ABOUT THIS EXERCISE: Please retype every entry below, keeping it exactly the same.

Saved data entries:
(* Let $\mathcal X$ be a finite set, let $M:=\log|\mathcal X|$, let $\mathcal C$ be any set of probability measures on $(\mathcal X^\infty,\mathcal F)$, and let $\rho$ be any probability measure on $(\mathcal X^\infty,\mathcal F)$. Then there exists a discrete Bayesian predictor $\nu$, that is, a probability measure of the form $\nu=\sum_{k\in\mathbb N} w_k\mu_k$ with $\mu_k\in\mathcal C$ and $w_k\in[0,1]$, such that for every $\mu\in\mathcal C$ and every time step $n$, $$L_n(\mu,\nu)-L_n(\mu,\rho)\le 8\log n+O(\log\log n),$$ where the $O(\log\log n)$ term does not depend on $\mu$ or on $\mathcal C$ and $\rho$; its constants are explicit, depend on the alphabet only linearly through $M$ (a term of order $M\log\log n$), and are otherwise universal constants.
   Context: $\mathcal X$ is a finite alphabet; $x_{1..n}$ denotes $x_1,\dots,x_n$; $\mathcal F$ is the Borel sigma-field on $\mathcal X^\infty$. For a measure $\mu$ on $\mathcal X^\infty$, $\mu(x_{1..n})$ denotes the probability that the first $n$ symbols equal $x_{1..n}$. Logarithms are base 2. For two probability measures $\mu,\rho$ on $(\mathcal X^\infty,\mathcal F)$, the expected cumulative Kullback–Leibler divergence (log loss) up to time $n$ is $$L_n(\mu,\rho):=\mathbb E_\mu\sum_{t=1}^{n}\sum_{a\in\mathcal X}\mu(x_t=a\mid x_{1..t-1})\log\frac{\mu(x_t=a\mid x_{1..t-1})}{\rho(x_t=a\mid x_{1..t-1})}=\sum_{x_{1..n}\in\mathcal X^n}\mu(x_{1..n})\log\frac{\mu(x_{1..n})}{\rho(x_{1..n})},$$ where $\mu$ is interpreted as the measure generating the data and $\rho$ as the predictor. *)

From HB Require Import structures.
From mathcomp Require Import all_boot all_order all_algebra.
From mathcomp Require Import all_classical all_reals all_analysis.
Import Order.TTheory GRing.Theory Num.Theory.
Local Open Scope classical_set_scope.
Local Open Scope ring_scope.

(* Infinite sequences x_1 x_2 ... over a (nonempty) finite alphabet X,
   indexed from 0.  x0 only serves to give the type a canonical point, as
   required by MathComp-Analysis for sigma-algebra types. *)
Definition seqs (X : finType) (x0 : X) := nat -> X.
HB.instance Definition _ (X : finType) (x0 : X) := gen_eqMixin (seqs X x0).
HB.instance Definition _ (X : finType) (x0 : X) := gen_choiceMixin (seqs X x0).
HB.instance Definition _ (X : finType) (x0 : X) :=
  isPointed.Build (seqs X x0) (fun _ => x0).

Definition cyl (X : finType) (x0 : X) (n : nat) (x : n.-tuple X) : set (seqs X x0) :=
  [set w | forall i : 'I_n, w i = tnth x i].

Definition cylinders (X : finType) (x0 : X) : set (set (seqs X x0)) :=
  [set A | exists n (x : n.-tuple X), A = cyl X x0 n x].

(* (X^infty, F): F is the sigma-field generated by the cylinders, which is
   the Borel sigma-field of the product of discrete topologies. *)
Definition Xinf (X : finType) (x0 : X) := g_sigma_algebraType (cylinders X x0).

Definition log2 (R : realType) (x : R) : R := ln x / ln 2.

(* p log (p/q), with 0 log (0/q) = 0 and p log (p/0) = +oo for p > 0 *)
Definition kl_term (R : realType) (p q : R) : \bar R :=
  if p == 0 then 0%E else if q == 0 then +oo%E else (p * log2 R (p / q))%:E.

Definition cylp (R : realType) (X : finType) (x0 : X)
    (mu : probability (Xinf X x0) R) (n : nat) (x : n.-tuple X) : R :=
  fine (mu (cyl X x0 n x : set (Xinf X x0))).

EXERCISE ANSWER:
(* Let $\mathcal X$ be a finite set, let $M:=\log|\mathcal X|$, let $\mathcal C$ be any set of probability measures on $(\mathcal X^\infty,\mathcal F)$, and let $\rho$ be any probability measure on $(\mathcal X^\infty,\mathcal F)$. Then there exists a discrete Bayesian predictor $\nu$, that is, a probability measure of the form $\nu=\sum_{k\in\mathbb N} w_k\mu_k$ with $\mu_k\in\mathcal C$ and $w_k\in[0,1]$, such that for every $\mu\in\mathcal C$ and every time step $n$, $$L_n(\mu,\nu)-L_n(\mu,\rho)\le 8\log n+O(\log\log n),$$ where the $O(\log\log n)$ term does not depend on $\mu$ or on $\mathcal C$ and $\rho$; its constants are explicit, depend on the alphabet only linearly through $M$ (a term of order $M\log\log n$), and are otherwise universal constants.
   Context: $\mathcal X$ is a finite alphabet; $x_{1..n}$ denotes $x_1,\dots,x_n$; $\mathcal F$ is the Borel sigma-field on $\mathcal X^\infty$. For a measure $\mu$ on $\mathcal X^\infty$, $\mu(x_{1..n})$ denotes the probability that the first $n$ symbols equal $x_{1..n}$. Logarithms are base 2. For two probability measures $\mu,\rho$ on $(\mathcal X^\infty,\mathcal F)$, the expected cumulative Kullback–Leibler divergence (log loss) up to time $n$ is $$L_n(\mu,\rho):=\mathbb E_\mu\sum_{t=1}^{n}\sum_{a\in\mathcal X}\mu(x_t=a\mid x_{1..t-1})\log\frac{\mu(x_t=a\mid x_{1..t-1})}{\rho(x_t=a\mid x_{1..t-1})}=\sum_{x_{1..n}\in\mathcal X^n}\mu(x_{1..n})\log\frac{\mu(x_{1..n})}{\rho(x_{1..n})},$$ where $\mu$ is interpreted as the measure generating the data and $\rho$ as the predictor. *)

From HB Require Import structures.
From mathcomp Require Import all_boot all_order all_algebra.
From mathcomp Require Import all_classical all_reals all_analysis.
Import Order.TTheory GRing.Theory Num.Theory.
Local Open Scope classical_set_scope.
Local Open Scope ring_scope.

(* Infinite sequences x_1 x_2 ... over a (nonempty) finite alphabet X,
   indexed from 0.  x0 only serves to give the type a canonical point, as
   required by MathComp-Analysis for sigma-algebra types. *)
Definition seqs (X : finType) (x0 : X) := nat -> X.
HB.instance Definition _ (X : finType) (x0 : X) := gen_eqMixin (seqs X x0).
HB.instance Definition _ (X : finType) (x0 : X) := gen_choiceMixin (seqs X x0).
HB.instance Definition _ (X : finType) (x0 : X) :=
  isPointed.Build (seqs X x0) (fun _ => x0).

Definition cyl (X : finType) (x0 : X) (n : nat) (x : n.-tuple X) : set (seqs X x0) :=
  [set w | forall i : 'I_n, w i = tnth x i].

Definition cylinders (X : finType) (x0 : X) : set (set (seqs X x0)) :=
  [set A | exists n (x : n.-tuple X), A = cyl X x0 n x].

(* (X^infty, F): F is the sigma-field generated by the cylinders, which is
   the Borel sigma-field of the product of discrete topologies. *)
Definition Xinf (X : finType) (x0 : X) := g_sigma_algebraType (cylinders X x0).

Definition log2 (R : realType) (x : R) : R := ln x / ln 2.

(* p log (p/q), with 0 log (0/q) = 0 and p log (p/0) = +oo for p > 0 *)
Definition kl_term (R : realType) (p q : R) : \bar R :=
  if p == 0 then 0%E else if q == 0 then +oo%E else (p * log2 R (p / q))%:E.

Definition cylp (R : realType) (X : finType) (x0 : X)
    (mu : probability (Xinf X x0) R) (n : nat) (x : n.-tuple X) : R :=
  fine (mu (cyl X x0 n x : set (Xinf X x0))).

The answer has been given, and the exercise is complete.